Question

Find a rational number and also an irrational number lying between the numbers 0.3030030003.... and 0.3010010001...?

Answer 1

Hint: For solving this problem, we must know the basic difference between rational and irrational numbers. Rational numbers are terminating while irrational numbers are non-terminating and non-recurring. By using this fact, we obtained the desired numbers.

Complete step-by-step answer:
Rational numbers are those numbers which can be represented in the form of $\dfrac{p}{q}$, where p is the numerator and q is the denominator.

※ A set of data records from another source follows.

(* Let $\mathcal X$ and $\mathcal Y$ be Banach spaces with a continuous embedding $\mathcal Y\subset\mathcal X^*$. Let $\mathcal U\subset\mathcal X$ be open, $\mathcal E:\mathcal U\to\mathbb R$ a $C^2$ function, and $x_\infty\in\mathcal U$ with $\mathcal E'(x_\infty)=0$. Let $\mathcal M:\mathcal U\to\mathcal Y$ be a $C^1$ gradient map for $\mathcal E$ and suppose $\mathcal E$ is Morse–Bott at $x_\infty$, so that $\mathcal U\cap\mathrm{Crit}\,\mathcal E$ is a relatively open smooth submanifold of $\mathcal X$ and $K:=\mathrm{Ker}\,\mathcal E''(x_\infty)=T_{x_\infty}\mathrm{Crit}\,\mathcal E$. Assume that $K$ has a closed complement $\mathcal X_0\subset\mathcal X$ and that $\mathrm{Ran}\,\mathcal M'(x_\infty)\subset\mathcal Y$ is closed. Then there are constants $Z\in(0,\infty)$ and $\sigma\in(0,1]$ such that every $x\in\mathcal U$ with $\|x-x_\infty\|_{\mathcal X}<\sigma$ satisfies $$\|\mathcal M(x)\|_{\mathcal Y}\geq Z\,|\mathcal E(x)-\mathcal E(x_\infty)|^{1/2}.$$
   Context: Gradient map: a continuous map $\mathcal M:\mathcal U\to\mathcal Y$ is a gradient map for a $C^1$ function $\mathcal E$ if $\mathcal E'(x)v=\langle v,\mathcal M(x)\rangle_{\mathcal X\times\mathcal X^*}$ for all $x\in\mathcal U$, $v\in\mathcal X$. $\mathrm{Crit}\,\mathcal E=\{x:\mathcal E'(x)=0\}$; $\mathcal E''(x):\mathcal X\to\mathcal X^*$ is the Hessian. $\mathcal E$ is Morse–Bott at $x_0$ if some open neighborhood $\mathcal U$ of $x_0$ has $\mathcal U\cap\mathrm{Crit}\,\mathcal E$ a relatively open smooth submanifold and $T_{x_0}\mathrm{Crit}\,\mathcal E=\mathrm{Ker}\,\mathcal E''(x_0)$. *)

From HB Require Import structures.
From mathcomp Require Import all_boot all_order all_algebra.
From mathcomp Require Import all_classical all_reals all_analysis.
Set Implicit Arguments. Unset Strict Implicit. Unset Printing Implicit Defensive.
Import Order.TTheory GRing.Theory Num.Theory.
Import numFieldNormedType.Exports.
Local Open Scope classical_set_scope.
Local Open Scope ring_scope.

(* Fréchet C^m / C^oo maps between normed spaces, via towers of        *)
(* bounded multilinear derivatives.  D k x t is the k-th Fréchet       *)
(* derivative of f at x applied to the k-tuple t (as a seq of length k).*)
(* Operator norms are expressed by uniformity over unit vectors.       *)

Definition unit_tuple (R : realType) (V : normedModType R) (k : nat) (t : seq V) :=
  size t = k /\ all (fun v => `|v| <= 1) t.

Definition multilinear (R : realType) (V W : normedModType R) (k : nat)
  (A : seq V -> W) :=
  forall (pre post : seq V), (size pre + size post).+1 = k ->
  forall (a : R) (u v : V),
    A (pre ++ (a *: u + v) :: post) = a *: A (pre ++ u :: post) + A (pre ++ v :: post).

Definition bounded_multilinear (R : realType) (V W : normedModType R) (k : nat)
  (A : seq V -> W) :=
  exists C : R, forall t : seq V, size t = k -> `|A t| <= C * \prod_(v <- t) `|v|.

(* D is the tower of derivatives of f of orders 0..m on the set U, the  *)
(* m-th one being continuous (for the operator norm): f is C^m on U.    *)
Definition deriv_data (R : realType) (V W : normedModType R) (m : nat)
  (U : set V) (f : V -> W) (D : nat -> V -> seq V -> W) : Prop :=
  [/\ (forall x, U x -> D 0%N x [::] = f x),
      (forall (k : nat) x, (k <= m)%N -> U x ->
          multilinear k (D k x) /\ bounded_multilinear k (D k x)),
      (forall (k : nat) x, (k < m)%N -> U x -> forall e : R, 0 < e ->
          exists2 d : R, 0 < d & forall y, U y -> `|y - x| < d ->
            forall t, unit_tuple k t ->
              `|D k y t - D k x t - D k.+1 x ((y - x) :: t)| <= e * `|y - x|)
    & (forall x, U x -> forall e : R, 0 < e ->
          exists2 d : R, 0 < d & forall y, U y -> `|y - x| < d ->
            forall t, unit_tuple m t -> `|D m y t - D m x t| <= e)].

Definition smooth_deriv (R : realType) (V W : normedModType R)
  (U : set V) (f : V -> W) (D : nat -> V -> seq V -> W) : Prop :=
  forall m : nat, deriv_data m U f D.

P and Q may belong to any of the three categories such as natural, whole or integers.
And, an irrational number is any real number other than a rational number.
As given in our problem, we have to find a rational and an irrational number between the numbers 0.3030030003.... and 0.3010010001...

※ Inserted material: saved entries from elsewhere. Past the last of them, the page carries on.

(* Let $X$ be an affine Poisson scheme of finite type over $k$ with Poisson bivector $\pi$. Then the $\mathcal O$-saturations of the Lie algebras of Hamiltonian and locally Hamiltonian vector fields coincide: $H(X)^{os}=LH(X)^{os}$. Consequently $M(X,H(X))\cong M(X,LH(X))$.
   Context: $k$ is algebraically closed of characteristic zero. $\tilde\Omega^\bullet_X$ is the algebraic de Rham complex of Kähler differentials modulo torsion. $H(X)$ is the Lie algebra of Hamiltonian vector fields $\xi_f=\pi(df)$, $f\in\mathcal O_X$; $LH(X)$ is the Lie algebra of vector fields $\eta_\alpha=\pi(\alpha)$ for closed one-forms $\alpha\in\tilde\Omega^1_X$. For a Lie algebra of vector fields $\mathfrak v$, its $\mathcal O$-saturation is $\mathfrak v^{os}:=\{\sum_i f_i\xi_i : f_i\in\mathcal O_X,\ \xi_i\in\mathfrak v,\ \sum_i\xi_i(f_i)=0\}$. $M(X,\mathfrak v)$ is the quotient of $\mathcal D_X$ (right $\mathcal D$-modules, defined via embeddings into smooth varieties) by the right submodule generated by $\mathfrak v$. *)

From HB Require Import structures.
From mathcomp Require Import all_boot all_order all_algebra.
Set Implicit Arguments. Unset Strict Implicit. Unset Printing Implicit Defensive.
Import GRing.Theory.
Local Open Scope ring_scope.

(* An affine scheme X of finite type over k is encoded by its coordinate
   ring A = O(X), a commutative k-algebra generated by a finite sequence. *)
Definition finitely_generated_alg (k : fieldType) (A : comAlgType k) : Prop :=
  exists s : seq A, forall P : pred A,
    GRing.subalg_closed P -> {subset s <= P} -> forall a, P a.

(* Poisson bracket on A (the Poisson bivector pi, via {f,g} = pi(df,dg)). *)
Definition poisson_bracket (k : fieldType) (A : comAlgType k)
    (br : A -> A -> A) : Prop :=
  [/\ forall f, linear (br f),
      forall g, linear (br^~ g),
      forall f g, br f g = - br g f,
      forall f g h, br f (br g h) + br g (br h f) + br h (br f g) = 0 &
      forall f g h, br f (g * h) = br f g * h + g * br f h].

Definition nonzerodiv (k : fieldType) (A : comAlgType k) (t : A) : Prop :=
  forall a : A, t * a = 0 -> a = 0.

(* Alternating k-bilinear maps A x A -> M that are derivations in each
   argument: by the universal properties of Kaehler differentials and of the
   exterior square, these are exactly the A-linear maps out of
   Omega^2_A = wedge^2_A Omega^1_A, via  B(g,f) = phi(dg /\ df). *)
Definition alt_biderivation (k : fieldType) (A : comAlgType k)
    (M : lmodType A) (B : A -> A -> M) : Prop :=
  [/\ forall g (c : k) a b, B g (c%:A * a + b) = c%:A *: B g a + B g b,
      forall f (c : k) a b, B (c%:A * a + b) f = c%:A *: B a f + B b f,
      forall g a b, B g (a * b) = a *: B g b + b *: B g a,
      forall f a b, B (a * b) f = a *: B b f + b *: B a f &
      forall a, B a a = 0].

(* A 1-form alpha = sum_i g_i df_i, encoded by the list of pairs (g_i, f_i),
   is closed in the de Rham complex of Kaehler forms modulo torsion iff
   d alpha = sum_i dg_i /\ df_i is a torsion element of Omega^2_A, i.e. is
   killed by some non-zero-divisor t.  Vanishing in Omega^2_A is tested
   against all A-linear maps out of Omega^2_A (universal property). *)
Definition closed_form (k : fieldType) (A : comAlgType k)
    (alpha : seq (A * A)) : Prop :=
  exists2 t : A, nonzerodiv t &
    forall (M : lmodType A) (B : A -> A -> M), alt_biderivation B ->
      t *: (\sum_(p <- alpha) B p.1 p.2) = 0.

Definition hamiltonian (k : fieldType) (A : comAlgType k)
    (br : A -> A -> A) (D : A -> A) : Prop :=
  exists f : A, forall a, D a = br f a.

(* Locally Hamiltonian vector fields eta_alpha = pi(alpha), alpha closed:
   pi(sum_i g_i df_i) = sum_i g_i {f_i, -}. *)
Definition loc_hamiltonian (k : fieldType) (A : comAlgType k)
    (br : A -> A -> A) (D : A -> A) : Prop :=
  exists2 alpha : seq (A * A), closed_form alpha &
    forall a, D a = \sum_(p <- alpha) p.1 * br p.2 a.

Definition os_sat (k : fieldType) (A : comAlgType k)
    (v : (A -> A) -> Prop) (D : A -> A) : Prop :=
  exists s : seq (A * (A -> A)),
    [/\ foldr (fun p P => v p.2 /\ P) True s,
        \sum_(p <- s) p.2 p.1 = 0 &
        forall a, D a = \sum_(p <- s) p.1 * p.2 a].

From mathcomp Require Import all_boot all_order all_algebra.
Set Implicit Arguments. Unset Strict Implicit. Unset Printing Implicit Defensive.
Import GRing.Theory.
Local Open Scope ring_scope.

(* Every Hamiltonian field is locally Hamiltonian, so [H(X)^os] is contained in
   [LH(X)^os].  Conversely, a locally Hamiltonian field [sum_i g_i {f_i, -}]
   with [alpha = sum_i g_i df_i] closed is itself in [H(X)^os]: the bracket
   [(g, f) |-> {f, g}] factors through [Omega^2], so closedness of [alpha]
   gives [sum_i {f_i, g_i} = 0].  Since Hamiltonian fields are derivations,
   saturating a family already contained in [H(X)^os] stays in [H(X)^os]. *)

Section Saturation.

Variables (k : fieldType) (A : comAlgType k).
Implicit Types (v w : (A -> A) -> Prop) (s : seq (A * (A -> A))).

Definition all_in v s : Prop := foldr (fun p P => v p.2 /\ P) True s.

Lemma all_in_cat v s1 s2 : all_in v s1 -> all_in v s2 -> all_in v (s1 ++ s2).
Proof. by elim: s1 => //= p s1 IH [vp vs1] vs2; split => //; apply: IH. Qed.

Lemma all_in_sub v w s : (forall D, v D -> w D) -> all_in v s -> all_in w s.
Proof. by move=> vw; elim: s => //= p s IH [/vw wp /IH]. Qed.

Lemma os_satS v w D : (forall E, v E -> w E) -> os_sat v D -> os_sat w D.
Proof. by move=> vw [s [vs s0 sD]]; exists s; split => //; apply: all_in_sub vs. Qed.

Definition derivation (E : A -> A) : Prop :=
  forall a b, E (a * b) = E a * b + a * E b.

Lemma sum_derivation_scale s c : all_in derivation s ->
  \sum_(p <- s) p.2 (c * p.1) =
    c * \sum_(p <- s) p.2 p.1 + \sum_(p <- s) p.1 * p.2 c.
Proof.
elim: s => [|[g E] s IH] /=; first by rewrite !big_nil mulr0 addr0.
case=> derE /IH; rewrite !big_cons /= derE mulrDr => ->.
by rewrite [E c * g]mulrC [RHS]addrACA [c * E g + _]addrC.
Qed.

(* Replacing each term [c * E] with [E = sum_i g_i E_i] by the terms
   [(c g_i) E_i] keeps the field, and by the Leibniz rule it changes the
   divergence [sum E(c)] by [c * sum_i E_i g_i = 0]. *)
Lemma os_sat_trans v w D : (forall E, v E -> derivation E) ->
  (forall E, w E -> os_sat v E) -> os_sat w D -> os_sat v D.
Proof.
move=> vder wv [s [ws s0 sD]].
suff [s' [vs' div' field']] : exists s',
    [/\ all_in v s', \sum_(p <- s') p.2 p.1 = \sum_(p <- s) p.2 p.1 &
        forall a, \sum_(p <- s') p.1 * p.2 a = \sum_(p <- s) p.1 * p.2 a].
  by exists s'; split => // [|a]; rewrite ?div' ?field' ?sD.
elim: s ws {s0 sD} => [|[c E] s IH] /=; first by exists [::].
case=> /wv [r [vr r0 rE]] /IH [s' [vs' div' field']].
exists ([seq (c * q.1, q.2) | q <- r] ++ s'); split.
- apply: all_in_cat => //.
  by elim: r vr {r0 rE} => //= q r IHr [vq /IHr].
- rewrite big_cat big_cons big_map div' /= sum_derivation_scale ?r0.
    by rewrite mulr0 add0r rE.
  exact: all_in_sub vr.
- move=> a; rewrite big_cat big_cons big_map field' /= rE mulr_sumr.
  by congr (_ + _); apply: eq_bigr => q _; rewrite mulrA.
Qed.

End Saturation.

Lemma closed_form_exact (k : fieldType) (A : comAlgType k) (f : A) :
  closed_form [:: (1, f)].
Proof.
exists 1 => [a|M B [_ _ _ Bmul _]]; first by rewrite mul1r.
rewrite big_seq1 scale1r /=.
by have := Bmul f 1 1; rewrite mul1r !scale1r -{1}[B 1 f]addr0 => /addrI <-.
Qed.

Lemma hamiltonian_loc_hamiltonian (k : fieldType) (A : comAlgType k)
    (br : A -> A -> A) (D : A -> A) :
  hamiltonian br D -> loc_hamiltonian br D.
Proof.
case=> f Df; exists [:: (1, f)]; first exact: closed_form_exact.
by move=> a; rewrite big_seq1 /= mul1r.
Qed.

Section PoissonBracket.

Variables (k : fieldType) (A : comAlgType k) (br : A -> A -> A).
Hypothesis br_poisson : poisson_bracket br.

Lemma hamiltonian_derivation E : hamiltonian br E -> derivation E.
Proof.
case: br_poisson => _ _ _ _ leib [f Ef] a b.
by rewrite !Ef leib mulrC.
Qed.

Hypothesis two_neq0 : (2%:R : k) != 0.

Lemma bracketxx a : br a a = 0.
Proof.
case: br_poisson => _ _ anti _ _.
have twice0 : (2%:R : k) *: br a a = 0.
  by rewrite -[2%:R]/(1 + 1) scalerDl scale1r {1}anti addNr.
by rewrite -[br a a]scale1r -(mulVf two_neq0) -scalerA twice0 scaler0.
Qed.

(* This is [(g, f) |-> {f, g} = pi(df, dg)], i.e. the A-linear map
   [Omega^2 -> A] given by contraction with [pi]. *)
Lemma bracket_alt_biderivation :
  alt_biderivation (fun g f => (br f g : A^o)).
Proof.
case: br_poisson => lin1 lin2 anti _ leib.
split=> [g c a b|f c a b|g a b|f a b|a] /=.
- rewrite -[RHS]/(c%:A * br a g + br b g) !mulr_algl.
  exact: lin2.
- rewrite -[RHS]/(c%:A * br f a + br f b) !mulr_algl.
  exact: lin1.
- rewrite -[RHS]/(a * br b g + b * br a g) anti leib (anti g a) (anti g b).
  by rewrite mulNr mulrN opprD !opprK addrC [_ * b]mulrC.
- rewrite -[RHS]/(a * br f b + b * br f a) leib.
  by rewrite addrC [_ * b]mulrC.
- exact: bracketxx.
Qed.

Lemma closed_form_bracket_sum alpha :
  closed_form alpha -> \sum_(q <- alpha) br q.2 q.1 = 0.
Proof.
by case=> t t_reg /(_ _ _ bracket_alt_biderivation) /t_reg.
Qed.

Lemma loc_hamiltonian_os_sat D :
  loc_hamiltonian br D -> os_sat (hamiltonian br) D.
Proof.
case=> alpha alpha_closed Dalpha.
exists [seq (q.1, br q.2) | q <- alpha]; split.
- by elim: alpha {alpha_closed Dalpha} => //= q alpha IH; split=> //; exists q.2.
- by rewrite big_map closed_form_bracket_sum.
- by move=> a; rewrite big_map Dalpha.
Qed.

End PoissonBracket.

Theorem proposition3p11 (k : closedFieldType) (A : comAlgType k)
    (br : A -> A -> A) :
  [pchar k]%R =i pred0 ->
  finitely_generated_alg A ->
  poisson_bracket br ->
  forall D : A -> A, os_sat (hamiltonian br) D <-> os_sat (loc_hamiltonian br) D.
Proof.
move=> /pcharf0P pchar0 _ br_poisson D; split.
  exact/os_satS/hamiltonian_loc_hamiltonian.
have two_neq0 : (2%:R : k) != 0 by rewrite pchar0.
apply: os_sat_trans => E.
  exact: hamiltonian_derivation.
exact: loc_hamiltonian_os_sat.
Qed.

So, for a rational number:
$0.3030030003.....<0.302<0.3010010001....$
This implies that 0.302 is a rational number between 0.3030030003.... and 0.3010010001...

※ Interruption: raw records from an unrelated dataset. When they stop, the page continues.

Theorem gal_pair_kernel_isog {K : fieldType} (h : {poly K}) n
    {L1 L2 : splittingFieldType K} {rs : seq L1} :
    size h = n.+1 ->
    map_poly (in_alg L1) (srpoly n h) %= \prod_(z <- rs) ('X - z%:P) ->
    splittingFieldFor 1 (map_poly (in_alg L2) h) fullv ->
  ('Gal({:L1} / 1%AS) / pair_kernel rs \isog 'Gal({:L2} / 1%AS))%g.
Proof.
move=> sh Drs splitL2; have [ys2 Dys2 genL2] := splitL2.
set h1 := map_poly (in_alg L1) h; set pairs := [seq z + z^-1 | z <- rs].
have sh1 : size h1 = n.+1 by rewrite size_map_poly.
rewrite map_srpoly -/h1 in Drs.
have dvd : srpoly n h1 %| \prod_(z <- rs) ('X - z%:P).
  by rewrite (eqp_dvdl _ Drs).
have [ys1 Dys1 _] := split_srpoly sh1 dvd.
have rs0 : 0 \notin rs.
  apply/negP; rewrite -root_prod_XsubC -(eqp_root Drs).
  by move=> /(srpoly_root_neq0 sh1); rewrite eqxx.
have [f homf] := splitting_ahom Dys1 splitL2.
pose phi : 'AHom(L2, L1) := AHom homf.
have limg_phi : limg phi = <<1 & map phi ys2>>%VS.
  by rewrite -genL2 aimg_adjoin_seq aimg1.
have Dh1 : h1 %= \prod_(u <- map phi ys2) ('X - u%:P).
  have phi_h : map_poly phi (map_poly (in_alg L2) h) = h1.
    rewrite -map_poly_comp; apply: eq_map_poly => c /=.
    by rewrite linearZ /= (ahom_inP homf).2.
  have := Dys2; rewrite -(eqp_map phi) phi_h rmorph_prod /= big_map.
  by under eq_bigr do rewrite (map_polyXsubC phi).
have normal_limg : normalField 1 (limg phi).
  apply/splitting_normalField; first exact: sub1v.
  by exists h1; [apply/polyOver1P; exists h | exists (map phi ys2)].
have limg_pairs : limg phi = <<1 & pairs>>%VS.
  rewrite limg_phi; apply: eq_adjoin_seq => u.
  by rewrite -(root_srpoly_pairs _ sh1 Drs) (eqp_root Dh1) root_prod_XsubC.
by rewrite pair_kernel_gal // -limg_pairs; apply: gal_quotient_limg_isog.
Qed.

Section RationalFunctionField.
Variable F : fieldType.

HB.instance Definition _ :=
  GRing.RMorphism.copy (@cst F) (@tofrac {poly F} \o polyC).

Lemma Mpoly_srpoly (f : {poly F}) : f != 0 -> Mpoly f = srpoly (size f).-1 f.
Proof. by move=> f0; rewrite /Mpoly /srpoly prednK // size_poly_gt0. Qed.

Lemma Mtpoly_srpoly (f : {poly F}) :
  f != 0 -> Mtpoly f = srpoly (size f).-1 (fplust f).
Proof.
move=> f0; rewrite /Mtpoly /fplust Mpoly_srpoly //.
by rewrite map_srpoly srpolyD srpolyC.
Qed.

Lemma size_fplust (f : {poly F}) : f \is monic -> size (fplust f) = size f.
Proof.
move=> mon_f; have [sf_le1 | sf_gt1] := leqP (size f) 1; last first.
  rewrite /fplust size_polyDl size_map_poly //.
  by apply: leq_ltn_trans sf_gt1; apply: size_polyC_leq1.
have f1 : f = 1.
  by move: mon_f; rewrite (size1_polyC sf_le1) monicE lead_coefC => /eqP->.
rewrite f1 /fplust map_polyC -polyCD !size_polyC oner_neq0 /= rmorph1.
rewrite /tvar -(rmorph1 (@tofrac {poly F})) -rmorphD tofrac_eq0.
by rewrite -size_poly_eq0 addrC -polyC1 size_XaddC.
Qed.

End RationalFunctionField.

Theorem lemma5p4 (F : finFieldType) (f : {poly F})
  (hmonic : f \is monic)
  (gs : seq {poly F})
  (hgs_uniq : uniq gs)
  (hgs_monic : all (fun g => g \is monic) gs)
  (hgs_irr : forall g, g \in gs -> irreducible_poly g)
  (hgs_ne : forall g, g \in gs -> (g != 'X - 1) && (g != 'X + 1))
  (hM : Mpoly f = ('X - 1) ^+ 2 * \prod_(g <- gs) g)
  (L1 : splittingFieldType (ratfun F)) (rs : seq L1)
  (hrs : map_poly (in_alg L1) (Mtpoly f) %= \prod_(z <- rs) ('X - z%:P))
  (hL1 : <<1%VS & rs>>%VS = fullv)
  (L2 : splittingFieldType (ratfun F))
  (hL2 : splittingFieldFor 1%VS (map_poly (in_alg L2) (fplust f)) fullv) :
  (('Gal({:L1} / 1%AS) / pair_kernel rs)%g \isog 'Gal({:L2} / 1%AS)%g)
  /\ (forall H0 : {group gal_of {:L1}},
        H0 \subset 'Gal({:L1} / 1%AS)%g ->
        H0 \isog ('Gal({:L1} / 1%AS) / pair_kernel rs)%g ->
        (H0 :&: pair_kernel rs = 1)%g ->
        H0 \isog 'Gal({:L2} / 1%AS)%g).
Proof.
have f0 := monic_neq0 hmonic.
have iso : ('Gal({:L1} / 1%AS) / pair_kernel rs \isog 'Gal({:L2} / 1%AS))%g.
  apply: (gal_pair_kernel_isog (fplust f) (size f).-1 _ _ hL2).
    by rewrite size_fplust // prednK // size_poly_gt0.
  by rewrite -Mtpoly_srpoly.
by split=> // H0 _ H0_iso _; apply: isog_trans H0_iso iso.
Qed.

Now, for an irrational number:
$0.3030030003.....<0.3020020002......<0.3010010001....$
This implies that 0.3020020002…. is a irrational number between 0.3030030003.... and 0.3010010001...
Note: The key step for solving this problem is the knowledge of the number system and particularly rational and irrational numbers. The basic idea of a rational and irrational number system is good enough to solve both the parts. This knowledge is helpful in solving complex problems.